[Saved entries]
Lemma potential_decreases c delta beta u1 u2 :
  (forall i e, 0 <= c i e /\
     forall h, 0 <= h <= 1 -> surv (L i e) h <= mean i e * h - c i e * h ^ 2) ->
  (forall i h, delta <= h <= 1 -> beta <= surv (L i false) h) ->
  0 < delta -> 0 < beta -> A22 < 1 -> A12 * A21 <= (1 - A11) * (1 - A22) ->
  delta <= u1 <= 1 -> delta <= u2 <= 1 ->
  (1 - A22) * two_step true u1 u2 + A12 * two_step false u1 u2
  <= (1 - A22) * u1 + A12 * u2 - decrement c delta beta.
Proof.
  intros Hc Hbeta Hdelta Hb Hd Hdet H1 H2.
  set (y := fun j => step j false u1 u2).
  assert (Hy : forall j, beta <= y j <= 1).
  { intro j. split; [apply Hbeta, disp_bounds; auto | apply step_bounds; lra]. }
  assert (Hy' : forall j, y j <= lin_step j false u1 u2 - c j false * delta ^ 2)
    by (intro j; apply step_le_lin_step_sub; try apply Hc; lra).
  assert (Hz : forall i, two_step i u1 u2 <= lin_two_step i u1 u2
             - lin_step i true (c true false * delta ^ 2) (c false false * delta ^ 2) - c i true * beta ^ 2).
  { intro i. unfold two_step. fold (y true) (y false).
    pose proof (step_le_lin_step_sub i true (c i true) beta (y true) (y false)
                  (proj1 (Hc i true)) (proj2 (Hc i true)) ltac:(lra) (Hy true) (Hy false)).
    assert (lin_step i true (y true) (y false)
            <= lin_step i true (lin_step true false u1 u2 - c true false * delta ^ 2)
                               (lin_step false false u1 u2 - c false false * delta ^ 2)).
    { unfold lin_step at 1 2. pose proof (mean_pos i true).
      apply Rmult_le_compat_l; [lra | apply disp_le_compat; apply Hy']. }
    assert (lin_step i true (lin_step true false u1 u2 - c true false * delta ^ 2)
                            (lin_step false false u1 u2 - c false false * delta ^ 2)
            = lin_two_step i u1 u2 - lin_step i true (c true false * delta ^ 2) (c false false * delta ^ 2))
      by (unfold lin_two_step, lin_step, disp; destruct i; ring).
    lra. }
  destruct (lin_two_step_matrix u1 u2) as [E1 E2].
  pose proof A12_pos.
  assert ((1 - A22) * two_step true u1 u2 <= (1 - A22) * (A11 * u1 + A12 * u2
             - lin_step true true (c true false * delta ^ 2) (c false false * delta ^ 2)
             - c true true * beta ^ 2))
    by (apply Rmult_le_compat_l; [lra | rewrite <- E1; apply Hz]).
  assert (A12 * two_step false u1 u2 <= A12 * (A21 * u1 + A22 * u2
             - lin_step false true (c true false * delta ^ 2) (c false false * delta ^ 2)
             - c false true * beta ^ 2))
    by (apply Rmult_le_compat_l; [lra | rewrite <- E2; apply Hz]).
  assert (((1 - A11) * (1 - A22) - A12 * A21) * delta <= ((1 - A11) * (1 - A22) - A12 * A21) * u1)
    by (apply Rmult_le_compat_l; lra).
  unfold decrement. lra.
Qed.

* **TASK STATEMENT**
Through the last line of the entries above, beginning at the line containing "assert (((1 - A11)", transcribe each line exactly, both ends included and nothing more.

* **WRITTEN ANSWER**
  assert (((1 - A11) * (1 - A22) - A12 * A21) * delta <= ((1 - A11) * (1 - A22) - A12 * A21) * u1)
    by (apply Rmult_le_compat_l; lra).
  unfold decrement. lra.
Qed.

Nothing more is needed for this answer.